Records for the exercise section start
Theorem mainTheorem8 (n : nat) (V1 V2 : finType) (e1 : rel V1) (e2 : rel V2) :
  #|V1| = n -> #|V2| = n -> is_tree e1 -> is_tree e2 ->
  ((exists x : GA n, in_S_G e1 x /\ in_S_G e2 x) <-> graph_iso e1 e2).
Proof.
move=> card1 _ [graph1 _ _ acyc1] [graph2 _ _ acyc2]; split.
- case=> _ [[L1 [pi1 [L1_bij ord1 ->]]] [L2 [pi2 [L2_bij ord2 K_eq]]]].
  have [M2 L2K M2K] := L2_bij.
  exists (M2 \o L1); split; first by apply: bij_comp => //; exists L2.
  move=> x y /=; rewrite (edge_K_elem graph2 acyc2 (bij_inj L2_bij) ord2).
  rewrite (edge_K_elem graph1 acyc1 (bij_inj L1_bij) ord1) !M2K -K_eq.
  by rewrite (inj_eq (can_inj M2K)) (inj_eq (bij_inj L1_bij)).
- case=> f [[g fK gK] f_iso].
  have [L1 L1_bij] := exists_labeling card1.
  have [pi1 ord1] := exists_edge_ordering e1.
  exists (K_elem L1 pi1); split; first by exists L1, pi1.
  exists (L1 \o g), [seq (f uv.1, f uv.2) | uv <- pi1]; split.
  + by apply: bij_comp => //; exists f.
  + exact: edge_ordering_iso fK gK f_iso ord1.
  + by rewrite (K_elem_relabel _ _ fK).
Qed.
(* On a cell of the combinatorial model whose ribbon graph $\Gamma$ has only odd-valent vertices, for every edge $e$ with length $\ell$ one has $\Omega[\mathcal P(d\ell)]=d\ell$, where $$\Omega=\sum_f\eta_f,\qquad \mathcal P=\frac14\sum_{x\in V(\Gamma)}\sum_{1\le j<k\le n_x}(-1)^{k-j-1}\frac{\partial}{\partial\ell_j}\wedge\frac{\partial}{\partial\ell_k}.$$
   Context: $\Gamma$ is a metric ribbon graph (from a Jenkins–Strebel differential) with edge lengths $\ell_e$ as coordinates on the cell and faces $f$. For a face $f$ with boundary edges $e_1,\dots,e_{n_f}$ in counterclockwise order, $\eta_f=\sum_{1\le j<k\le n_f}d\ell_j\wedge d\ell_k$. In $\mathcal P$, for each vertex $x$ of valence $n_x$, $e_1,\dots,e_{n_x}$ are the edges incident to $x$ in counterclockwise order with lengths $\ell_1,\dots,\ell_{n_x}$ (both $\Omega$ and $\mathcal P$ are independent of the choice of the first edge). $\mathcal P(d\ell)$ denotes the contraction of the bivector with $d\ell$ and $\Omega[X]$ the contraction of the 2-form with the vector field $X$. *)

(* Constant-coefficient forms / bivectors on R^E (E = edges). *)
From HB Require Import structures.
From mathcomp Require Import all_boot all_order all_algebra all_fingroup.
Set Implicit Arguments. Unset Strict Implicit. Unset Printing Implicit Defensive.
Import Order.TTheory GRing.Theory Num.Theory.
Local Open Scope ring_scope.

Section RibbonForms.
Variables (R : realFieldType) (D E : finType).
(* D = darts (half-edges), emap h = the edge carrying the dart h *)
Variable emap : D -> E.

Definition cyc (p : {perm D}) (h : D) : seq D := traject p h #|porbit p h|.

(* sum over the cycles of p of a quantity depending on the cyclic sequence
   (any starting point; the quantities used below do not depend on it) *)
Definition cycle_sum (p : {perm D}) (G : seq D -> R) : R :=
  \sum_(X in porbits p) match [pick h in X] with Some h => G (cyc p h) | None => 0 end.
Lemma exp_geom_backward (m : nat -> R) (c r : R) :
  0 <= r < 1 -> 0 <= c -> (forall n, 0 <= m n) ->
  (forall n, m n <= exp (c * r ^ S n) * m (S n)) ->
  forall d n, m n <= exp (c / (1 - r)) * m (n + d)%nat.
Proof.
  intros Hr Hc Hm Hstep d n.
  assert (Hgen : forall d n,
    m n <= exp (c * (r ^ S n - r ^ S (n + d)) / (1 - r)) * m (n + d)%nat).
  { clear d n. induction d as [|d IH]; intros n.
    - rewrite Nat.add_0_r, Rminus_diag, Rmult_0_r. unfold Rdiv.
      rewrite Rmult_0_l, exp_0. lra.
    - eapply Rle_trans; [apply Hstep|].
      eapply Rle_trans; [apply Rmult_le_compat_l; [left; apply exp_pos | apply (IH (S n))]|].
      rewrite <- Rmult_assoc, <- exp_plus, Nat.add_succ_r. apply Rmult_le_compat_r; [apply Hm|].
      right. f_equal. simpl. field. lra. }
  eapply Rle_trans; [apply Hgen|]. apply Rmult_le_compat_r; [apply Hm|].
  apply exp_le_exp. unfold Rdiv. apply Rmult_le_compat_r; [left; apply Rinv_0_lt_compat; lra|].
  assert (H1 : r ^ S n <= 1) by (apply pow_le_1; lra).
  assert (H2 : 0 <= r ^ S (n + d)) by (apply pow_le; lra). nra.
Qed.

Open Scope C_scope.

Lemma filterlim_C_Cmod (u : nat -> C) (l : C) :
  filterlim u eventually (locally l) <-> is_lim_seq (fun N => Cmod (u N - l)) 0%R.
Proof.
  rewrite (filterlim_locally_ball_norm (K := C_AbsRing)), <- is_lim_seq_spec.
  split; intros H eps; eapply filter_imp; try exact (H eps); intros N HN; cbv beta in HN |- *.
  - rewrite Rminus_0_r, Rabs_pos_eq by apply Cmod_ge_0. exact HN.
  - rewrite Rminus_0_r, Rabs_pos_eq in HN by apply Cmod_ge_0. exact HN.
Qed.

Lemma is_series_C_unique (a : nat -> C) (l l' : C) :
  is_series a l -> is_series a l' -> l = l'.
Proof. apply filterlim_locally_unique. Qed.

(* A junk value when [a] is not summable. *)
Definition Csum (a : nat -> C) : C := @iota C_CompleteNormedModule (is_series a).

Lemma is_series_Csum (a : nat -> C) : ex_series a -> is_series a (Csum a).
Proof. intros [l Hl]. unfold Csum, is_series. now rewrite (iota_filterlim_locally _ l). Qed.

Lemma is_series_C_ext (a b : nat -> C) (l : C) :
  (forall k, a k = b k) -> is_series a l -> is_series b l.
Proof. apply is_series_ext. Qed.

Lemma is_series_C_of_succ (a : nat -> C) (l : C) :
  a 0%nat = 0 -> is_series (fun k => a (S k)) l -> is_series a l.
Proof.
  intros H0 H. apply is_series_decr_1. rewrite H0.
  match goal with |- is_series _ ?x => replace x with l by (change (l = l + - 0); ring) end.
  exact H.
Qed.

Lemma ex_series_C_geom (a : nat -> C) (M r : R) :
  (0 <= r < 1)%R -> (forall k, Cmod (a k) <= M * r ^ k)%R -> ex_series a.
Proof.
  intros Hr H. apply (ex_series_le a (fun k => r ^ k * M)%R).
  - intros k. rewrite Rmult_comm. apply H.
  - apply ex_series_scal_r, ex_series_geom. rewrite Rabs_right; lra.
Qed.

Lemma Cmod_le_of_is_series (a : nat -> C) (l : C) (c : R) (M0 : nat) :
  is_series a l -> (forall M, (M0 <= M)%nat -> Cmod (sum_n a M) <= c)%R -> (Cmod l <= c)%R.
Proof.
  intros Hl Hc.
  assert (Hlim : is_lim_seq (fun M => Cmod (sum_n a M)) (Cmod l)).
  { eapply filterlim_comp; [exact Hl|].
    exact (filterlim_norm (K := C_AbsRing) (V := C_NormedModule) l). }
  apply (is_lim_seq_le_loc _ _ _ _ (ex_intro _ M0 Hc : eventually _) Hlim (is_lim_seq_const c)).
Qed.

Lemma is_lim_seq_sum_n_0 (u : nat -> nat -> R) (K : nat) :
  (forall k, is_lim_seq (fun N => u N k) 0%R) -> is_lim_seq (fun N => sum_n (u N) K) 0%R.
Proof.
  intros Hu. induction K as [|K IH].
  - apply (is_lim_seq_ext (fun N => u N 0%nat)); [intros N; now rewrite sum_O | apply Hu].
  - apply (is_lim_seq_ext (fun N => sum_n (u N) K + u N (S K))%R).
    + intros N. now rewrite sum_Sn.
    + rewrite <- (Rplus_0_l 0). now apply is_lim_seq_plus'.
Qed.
Records for the exercise section end
--- Work instructions ---
Lines that include the word "Hlim" — how many are there in the data? Answer with the number alone.

--- Exercise response ---
2